(* Let $\alpha\in\mathbb{R}$, let $p$ be a positive integer, $b\in\mathbb{R}$, and let $f$ be defined only on ${}_{b}\mathbb{N}$. Then for all $t\in{}_{b-2p+1}\mathbb{N}$, $${}_{b-p+1}\nabla^{-\alpha}\,{}_{\ominus}\Delta^p f(t)={}_{\ominus}\Delta^p\,{}_{b-p+1}\nabla^{-\alpha}f(t)-\sum_{k=0}^{p-1}\frac{(b-p+1-t)^{\overline{\alpha-p+k}}}{\Gamma(\alpha+k-p+1)}\,{}_{\ominus}\Delta^k f(b-p+1).$$
   Context: Notation: ${}_{c}\mathbb{N}=\{c,c-1,\dots\}$, $\rho(t)=t-1$, $\Delta g(t)=g(t+1)-g(t)$, ${}_{\ominus}\Delta^m g=(-1)^m\Delta^m g$. Rising factorial: $t^{\overline{\beta}}=\Gamma(t+\beta)/\Gamma(t)$ with $0^{\overline{\beta}}=0$; the reciprocal of $\Gamma$ at a pole is $0$. For $\gamma>0$ and endpoint $c$, the nabla right fractional sum is ${}_{c}\nabla^{-\gamma}g(t)=\frac{1}{\Gamma(\gamma)}\sum_{s=t}^{c-1}(s-\rho(t))^{\overline{\gamma-1}}g(s)$, a sum with upper limit smaller than lower limit being $0$. For $\beta>0$ let $n=[\beta]+1$ with $[\beta]$ the greatest integer strictly less than $\beta$; the nabla right fractional difference is ${}_{c}\nabla^{\beta}g(t)=(-1)^n\Delta^n\,{}_{c}\nabla^{-(n-\beta)}g(t)$ (order-$0$ operator = identity). For $\alpha<0$, ${}_{c}\nabla^{-\alpha}$ denotes the nabla right fractional difference of order $-\alpha$; for $\alpha=0$ the identity. *)

From Stdlib Require Import Reals Factorial ClassicalEpsilon.
Open Scope R_scope.

(** Gauss' product for the reciprocal Gamma function:
    1/Gamma(x) = lim_{N->oo} x(x+1)...(x+N) / (N! N^x).
    This limit exists for every real x and vanishes exactly at the poles
    0,-1,-2,... of Gamma. *)
Definition inv_gamma_seq (x : R) (n : nat) : R :=
  prod_f_R0 (fun i => x + INR i) (S n) / (INR (fact (S n)) * Rpower (INR (S n)) x).

Definition RGammaInv (x : R) : R :=
  epsilon (inhabits 0) (fun l => Un_cv (inv_gamma_seq x) l).

(** Gamma := 1 / (1/Gamma).  At a pole RGammaInv x = 0, so Gamma x = /0;
    since [/ 0 = 0] in Stdlib ([Rinv_0]), we get 1/Gamma = 0 at a pole,
    which is the paper's convention. *)
Definition Gamma (x : R) : R := / RGammaInv x.

Definition rising (t beta : R) : R :=
  if Req_dec_T t 0 then 0 else Gamma (t + beta) / Gamma t.

Fixpoint rsum (n : nat) (F : nat -> R) : R :=
  match n with
  | O => 0
  | S m => rsum m F + F m
  end.

Definition Delta (g : R -> R) : R -> R := fun t => g (t + 1) - g t.
Fixpoint DeltaN (m : nat) (g : R -> R) : R -> R :=
  match m with
  | O => g
  | S k => Delta (DeltaN k g)
  end.
Definition oDelta (m : nat) (g : R -> R) : R -> R :=
  fun t => (-1) ^ m * DeltaN m g t.

(** The set  _c N = {c, c-1, c-2, ...}. *)
Definition inN (c t : R) : Prop := exists n : nat, t = c - INR n.

(** Nabla right fractional sum of order gamma > 0 with endpoint c:
    (1/Gamma(gamma)) sum_{s=t}^{c-1} (s - rho(t))^{(gamma-1)} g(s),
    where s runs over t, t+1, ..., c-1 (empty if c-1 < t).  The number of
    terms is floor(c - t) = up(c - t) - 1 (equal to c - t when c - t is an
    integer, which is the case on the lattice). *)
Definition nabla_sum (c gamma : R) (g : R -> R) : R -> R :=
  fun t =>
    / Gamma gamma *
    rsum (Z.to_nat (up (c - t) - 1))
      (fun j => rising ((t + INR j) - (t - 1)) (gamma - 1) * g (t + INR j)).

(** [beta] = greatest integer strictly less than beta  (= -up(-beta)). *)
Definition gis (beta : R) : Z := (- up (- beta))%Z.

Definition nabla_diff (c beta : R) (g : R -> R) : R -> R :=
  let n := Z.to_nat (gis beta + 1) in
  fun t =>
    (-1) ^ n *
    DeltaN n (if Req_dec_T (INR n - beta) 0 then g
              else nabla_sum c (INR n - beta) g) t.

Definition nabla_op (c alpha : R) (g : R -> R) : R -> R :=
  if Rlt_dec 0 alpha then nabla_sum c alpha g
  else if Req_dec_T alpha 0 then g
  else nabla_diff c (- alpha) g.

From Stdlib Require Import Reals Lra Lia ZArith ClassicalEpsilon FunctionalExtensionality.
Open Scope R_scope.

(** Points t = c - z of the lattice are indexed by their distance z to the endpoint c.
    In that variable the ominus difference becomes the backward difference, and the
    fractional sum of order g > 0 becomes a convolution with the generalized binomials
    rbinom g j = g(g+1)...(g+j-1)/j!.  Summation by parts shows that differencing such
    a sum differences the summand at the price of one boundary term carrying the
    endpoint value; iterating gives the commutation formula with p boundary terms.
    Every operator _c nabla^{-alpha} is, on the lattice, either n differences
    (alpha = -n) or n differences of a fractional sum of order g (alpha = g - n), and
    in both cases the boundary weights are those of the theorem. *)

Lemma nat_above (r : R) : exists n : nat, r < INR n.
Proof. destruct (INR_archimed 1 r) as [n Hn]; [lra|]. exists n; lra. Qed.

###

Exercise aim – Pull out every line in the data above that has the word "limit".

Completed task –
   Context: Notation: ${}_{c}\mathbb{N}=\{c,c-1,\dots\}$, $\rho(t)=t-1$, $\Delta g(t)=g(t+1)-g(t)$, ${}_{\ominus}\Delta^m g=(-1)^m\Delta^m g$. Rising factorial: $t^{\overline{\beta}}=\Gamma(t+\beta)/\Gamma(t)$ with $0^{\overline{\beta}}=0$; the reciprocal of $\Gamma$ at a pole is $0$. For $\gamma>0$ and endpoint $c$, the nabla right fractional sum is ${}_{c}\nabla^{-\gamma}g(t)=\frac{1}{\Gamma(\gamma)}\sum_{s=t}^{c-1}(s-\rho(t))^{\overline{\gamma-1}}g(s)$, a sum with upper limit smaller than lower limit being $0$. For $\beta>0$ let $n=[\beta]+1$ with $[\beta]$ the greatest integer strictly less than $\beta$; the nabla right fractional difference is ${}_{c}\nabla^{\beta}g(t)=(-1)^n\Delta^n\,{}_{c}\nabla^{-(n-\beta)}g(t)$ (order-$0$ operator = identity). For $\alpha<0$, ${}_{c}\nabla^{-\alpha}$ denotes the nabla right fractional difference of order $-\alpha$; for $\alpha=0$ the identity. *)
    This limit exists for every real x and vanishes exactly at the poles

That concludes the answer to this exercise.